TASK DATA: Begin

Section ShephardHyperplane.
Variables (R : realType) (k N d : nat) (x : 'I_k -> 'rV[R]_N).
Variables (Xhat : 'I_k -> 'rV[R]_d) (A : 'M[R]_(d, k)) (l : 'rV[R]_d).
Hypothesis xA : lin_transform x A.
Hypothesis XhatA : forall i,
  (exists a : R, 0 < a /\ Xhat i = a *: (col i A)^T) /\ dotr (Xhat i) l = 1.
Implicit Types (Y : {set 'I_k}) (p q : 'rV[R]_d).

Lemma conv_dotr Y q : conv Xhat Y q -> dotr q l = 1.
Proof.
case=> lam [_ lam1 ->]; rewrite dotr_sum -lam1.
by apply: eq_bigr => i _; rewrite (XhatA i).2 mulr1.
Qed.

Lemma aff_hull_conv_dotr Y q : aff_hull (conv Xhat Y) q -> dotr q l = 1.
Proof.
case=> n [s [mu [Cs mu1 ->]]]; rewrite (dotr_sum _ xpredT) -mu1.
by apply: eq_bigr => i _; rewrite (conv_dotr (Cs i)) mulr1.
Qed.

(* If b *m A vanishes on Y0, it is a dependence of x supported on the
   independent set ~: Y0. *)
Lemma cols_span_of_lin_indep Y0 : lin_indep x (~: Y0) ->
  forall q, exists gamma : 'I_k -> R, q = \sum_(i in Y0) gamma i *: (col i A)^T.
Proof.
case: xA => _ Ainj depX indepY0 q.
pose AY := A *m diag_mx (\row_i (i \in Y0)%:R).
have AYE b i : (b *m AY) 0 i = (b *m A) 0 i * (i \in Y0)%:R.
  by rewrite /AY mulmxA mul_mx_diag !mxE.
have : row_free AY.
  apply: inj_row_free => b /rowP bAY0; apply: Ainj.
  have bA_Y0 i : i \in Y0 -> (b *m A) 0 i = 0.
    by move=> iY0; have := bAY0 i; rewrite AYE iY0 mulr1 => ->; rewrite mxE.
  have : \sum_i (b *m A) 0 i *: x i = 0 by apply/depX; exists b.
  rewrite (bigID (mem Y0)) /= big1 ?add0r => [dep|i /bA_Y0 ->]; last by rewrite scale0r.
  apply/rowP => i; rewrite [RHS]mxE; have [/bA_Y0 //|iY0] := boolP (i \in Y0).
  apply: (indepY0 (fun i => (b *m A) 0 i)); rewrite ?inE //.
  by rewrite -[RHS]dep; apply: eq_bigl => j; rewrite inE.
rewrite /row_free -mxrank_tr => /eqP rkAY.
have /submxP [D ->] : (q <= AY^T)%MS by apply: submx_full; rewrite /row_full rkAY.
exists (D 0); apply/rowP => j; rewrite !mxE summxE [RHS]big_mkcond /=.
apply: eq_bigr => i _; rewrite /AY [_^T i j]mxE mul_mx_diag !mxE.
by case: (i \in Y0); rewrite ?mulr1 ?mulr0.
Qed.

Lemma col_scale_Xhat i : (col i A)^T = dotr (col i A)^T l *: Xhat i.
Proof.
have [[a [_ ea]] Xl] := XhatA i.
by rewrite ea scalerA mulrC -dotrZ -ea Xl scale1r.
Qed.

Lemma aff_hull_conv_of_dotr Y0 p q : lin_indep x (~: Y0) -> conv Xhat Y0 p ->
  dotr q l = 1 -> aff_hull (conv Xhat Y0) q.
Proof.
move=> indepY0 Y0p ql1; have [gamma eq] := cols_span_of_lin_indep indepY0 q.
pose beta i := gamma i * dotr (col i A)^T l.
have eqb : q = \sum_(i in Y0) beta i *: Xhat i.
  by rewrite eq; apply: eq_bigr => i _; rewrite {1}col_scale_Xhat scalerA.
exists k, (fun i => if i \in Y0 then Xhat i else p).
exists (fun i => if i \in Y0 then beta i else 0); split.
- by move=> i; case: ifP => // /conv_vec.
- rewrite -big_mkcond -[RHS]ql1 eqb dotr_sum.
  by apply: eq_bigr => i _; rewrite (XhatA i).2 mulr1.
by rewrite eqb big_mkcond; apply: eq_bigr => i _; case: ifP; rewrite ?scale0r.
Qed.

(* The affine hull of conv Xhat|_Y0 is the whole hyperplane containing
   conv Xhat|_Y, so a relative neighbourhood of p in the former is one in the
   latter. *)
Lemma relint_conv_subset Y0 Y p : lin_indep x (~: Y0) -> Y0 \subset Y ->
  relint (conv Xhat Y0) p -> relint (conv Xhat Y) p.
Proof.
move=> indepY0 sY0Y [Y0p [e [e_gt0 ballY0]]]; split; first exact: conv_subset Y0p.
exists e; split=> // q affq near_q; apply: (conv_subset sY0Y); apply: ballY0 near_q.
exact: aff_hull_conv_of_dotr Y0p (aff_hull_conv_dotr affq).
Qed.

End ShephardHyperplane.

Lemma mem_cjoin (V : finType) (A B : {set {set V}}) F G :
  F \in A -> G \in B -> F :|: G \in cjoin A B.
Proof. exact: imset2_f. Qed.

Section Wedge.
Variables (m : nat) (K : {set {set 'I_m.+1}}).
Hypotheses (m_gt0 : (0 < m)%N) (cxK : is_complex K).
Hypothesis vertK : vertices K = [set i : 'I_m.+1 | i != ord0].

Lemma v1_neq0 : v1 m != ord0.
Proof. by rewrite -val_eqE /= /v1 inordK. Qed.

Lemma vertex_K i : i != ord0 -> [set i] \in K.
Proof. by move=> i0; have /[!inE] : i \in vertices K by rewrite vertK inE. Qed.

Lemma set0_link : set0 \in link K (v1 m).
Proof. by rewrite !inE (proj1 cxK) setU0 vertex_K ?v1_neq0. Qed.

Lemma vertex_deletion h : h \notin [set ord0; v1 m] -> [set h] \in deletion K (v1 m).
Proof. by rewrite !inE negb_or => /andP[h0 h1]; rewrite vertex_K // eq_sym. Qed.

Lemma wed1_edge a h : a \in [set ord0; v1 m] -> [set a; h] \in wed1 K.
Proof.
move=> aI; rewrite /wed1 in_setU; case: (boolP (h \in [set ord0; v1 m])) => hI.
  apply/orP; left; rewrite -[[set a; h]]setU0; apply: mem_cjoin set0_link.
  by rewrite powersetE subUset !sub1set aI hI.
apply/orP; right; apply: mem_cjoin (vertex_deletion hI).
by move: aI; rewrite !inE => /orP[] /eqP ->; rewrite eqxx ?orbT.
Qed.

Lemma wed1_vertex i : [set i] \in wed1 K.
Proof.
case: (boolP (i \in [set ord0; v1 m])) => iI.
  by rewrite -[[set i]]setUid; apply: wed1_edge.
rewrite /wed1 in_setU -[[set i]]set0U; apply/orP; right.
by apply: mem_cjoin (vertex_deletion iI); rewrite !inE eqxx.
Qed.

Lemma wed1_setU0 F : F \in wed1 K -> ord0 \notin F -> v1 m \notin F ->
  ord0 |: F \in wed1 K.
Proof.
rewrite /wed1 !in_setU => /orP[] /imset2P[A B AI BK ->] A0 A1; apply/orP.
  left; rewrite setUA; apply: mem_cjoin BK.
  by move: AI; rewrite !powersetE subUset sub1set !inE eqxx => ->.
right; move: AI; rewrite !inE => /orP[/orP[]|] /eqP eA.
- by rewrite eA set0U; apply: mem_cjoin BK; rewrite !inE eqxx orbT.
- by rewrite eA setUA setUid; apply: mem_cjoin BK; rewrite !inE eqxx orbT.
by move: A1; rewrite eA !inE eqxx.
Qed.

End Wedge.

Unset Implicit Arguments. Set Strict Implicit. Set Printing Implicit Defensive.

Theorem proposition5p9 (R : realType) (m : nat) (K : {set {set 'I_m.+1}})
  (N d M0 M1 : nat) (x : 'I_m.+1 -> 'rV[R]_N) (Xhat : 'I_m.+1 -> 'rV[R]_d)
  (P0 : 'M[R]_(N, M0)) (P1 : 'M[R]_(N, M1)) :
  (0 < m)%N ->
  fan_like R K ->
  vertices K = [set i : 'I_m.+1 | i != ord0] ->
  complete_fan (wed1 K) x ->
  shephard x Xhat ->
  quotient_map (x ord0) P0 ->
  quotient_map (x (v1 m)) P1 ->
  let Sig := fan_of (wed1 K) x in
  let X0 := fun j : 'I_m => x (lift ord0 j) *m P0 in
  let X1 := fun j : 'I_m => x (lift (v1 m) j) *m P1 in
  let Xhat0 := fun j : 'I_m => Xhat (lift ord0 j) in
  let Xhat1 := fun j : 'I_m => Xhat (lift (v1 m) j) in
  [/\ shephard X0 Xhat0,
      shephard X1 Xhat1
    & forall p : 'rV[R]_d,
        S_set Sig x Xhat p <->
        (S_set (proj_fan Sig (x ord0) P0) X0 Xhat0 p /\
         S_set (proj_fan Sig (x (v1 m)) P1) X1 Xhat1 p)].
Proof.
move=> m_gt0 [n [y [cxK _ _ _]]] vertK fanW shX quot0 quot1 /=.
have vertW := wed1_vertex m_gt0 cxK vertK.
have edge0W h : [set ord0; h] \in wed1 K.
  by apply: (wed1_edge m_gt0 cxK vertK); rewrite !inE eqxx.
have edge1W h : [set v1 m; h] \in wed1 K.
  by apply: (wed1_edge m_gt0 cxK vertK); rewrite !inE eqxx orbT.
have x_neq0 := fan_vec_neq0 fanW vertW.
split; [exact (shephard_quotient quot0 (x_neq0 _) shX)
       | exact (shephard_quotient quot1 (x_neq0 _) shX) | move=> p; split].
  move=> SXp; split.
    exact (S_set_proj_fan quot0 fanW vertW edge0W SXp).
  exact (S_set_proj_fan quot1 fanW vertW edge1W SXp).
case=> S0p S1p Y /(coface_fan_of _ fanW vertW) YW.
have [Y_0 | nY_0] := boolP (ord0 \in Y); last first.
  exact (relint_conv_of_S_set_proj_fan quot0 fanW vertW edge0W YW nY_0 S0p).
have [Y_1 | nY_1] := boolP (v1 m \in Y); last first.
  exact (relint_conv_of_S_set_proj_fan quot1 fanW vertW edge1W YW nY_1 S1p).
have YW' : ~: (Y :\ ord0) \in wed1 K.
  by rewrite setCD setUC; apply: wed1_setU0; rewrite // inE negbK.
have [_ [A [xA [l [_ XhatA]]]]] := shX.
apply: (relint_conv_subset xA XhatA (fan_lin_indep fanW YW') (subD1set Y ord0)).
apply: (relint_conv_of_S_set_proj_fan quot0 fanW vertW edge0W YW') S0p.
by rewrite !inE eqxx.
Qed.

TASK DATA: End

> _WHAT IS REQUIRED_:
Going down the listing above, begin printing at the line with "rewrite /wed1 !in_setU" and finish with the line with "have x_neq0 := fan_vec_neq0 fanW vertW.", exactly as they appear.

> _WORKED SOLUTION_:
rewrite /wed1 !in_setU => /orP[] /imset2P[A B AI BK ->] A0 A1; apply/orP.
  left; rewrite setUA; apply: mem_cjoin BK.
  by move: AI; rewrite !powersetE subUset sub1set !inE eqxx => ->.
right; move: AI; rewrite !inE => /orP[/orP[]|] /eqP eA.
- by rewrite eA set0U; apply: mem_cjoin BK; rewrite !inE eqxx orbT.
- by rewrite eA setUA setUid; apply: mem_cjoin BK; rewrite !inE eqxx orbT.
by move: A1; rewrite eA !inE eqxx.
Qed.

End Wedge.

Unset Implicit Arguments. Set Strict Implicit. Set Printing Implicit Defensive.

Theorem proposition5p9 (R : realType) (m : nat) (K : {set {set 'I_m.+1}})
  (N d M0 M1 : nat) (x : 'I_m.+1 -> 'rV[R]_N) (Xhat : 'I_m.+1 -> 'rV[R]_d)
  (P0 : 'M[R]_(N, M0)) (P1 : 'M[R]_(N, M1)) :
  (0 < m)%N ->
  fan_like R K ->
  vertices K = [set i : 'I_m.+1 | i != ord0] ->
  complete_fan (wed1 K) x ->
  shephard x Xhat ->
  quotient_map (x ord0) P0 ->
  quotient_map (x (v1 m)) P1 ->
  let Sig := fan_of (wed1 K) x in
  let X0 := fun j : 'I_m => x (lift ord0 j) *m P0 in
  let X1 := fun j : 'I_m => x (lift (v1 m) j) *m P1 in
  let Xhat0 := fun j : 'I_m => Xhat (lift ord0 j) in
  let Xhat1 := fun j : 'I_m => Xhat (lift (v1 m) j) in
  [/\ shephard X0 Xhat0,
      shephard X1 Xhat1
    & forall p : 'rV[R]_d,
        S_set Sig x Xhat p <->
        (S_set (proj_fan Sig (x ord0) P0) X0 Xhat0 p /\
         S_set (proj_fan Sig (x (v1 m)) P1) X1 Xhat1 p)].
Proof.
move=> m_gt0 [n [y [cxK _ _ _]]] vertK fanW shX quot0 quot1 /=.
have vertW := wed1_vertex m_gt0 cxK vertK.
have edge0W h : [set ord0; h] \in wed1 K.
  by apply: (wed1_edge m_gt0 cxK vertK); rewrite !inE eqxx.
have edge1W h : [set v1 m; h] \in wed1 K.
  by apply: (wed1_edge m_gt0 cxK vertK); rewrite !inE eqxx orbT.
have x_neq0 := fan_vec_neq0 fanW vertW.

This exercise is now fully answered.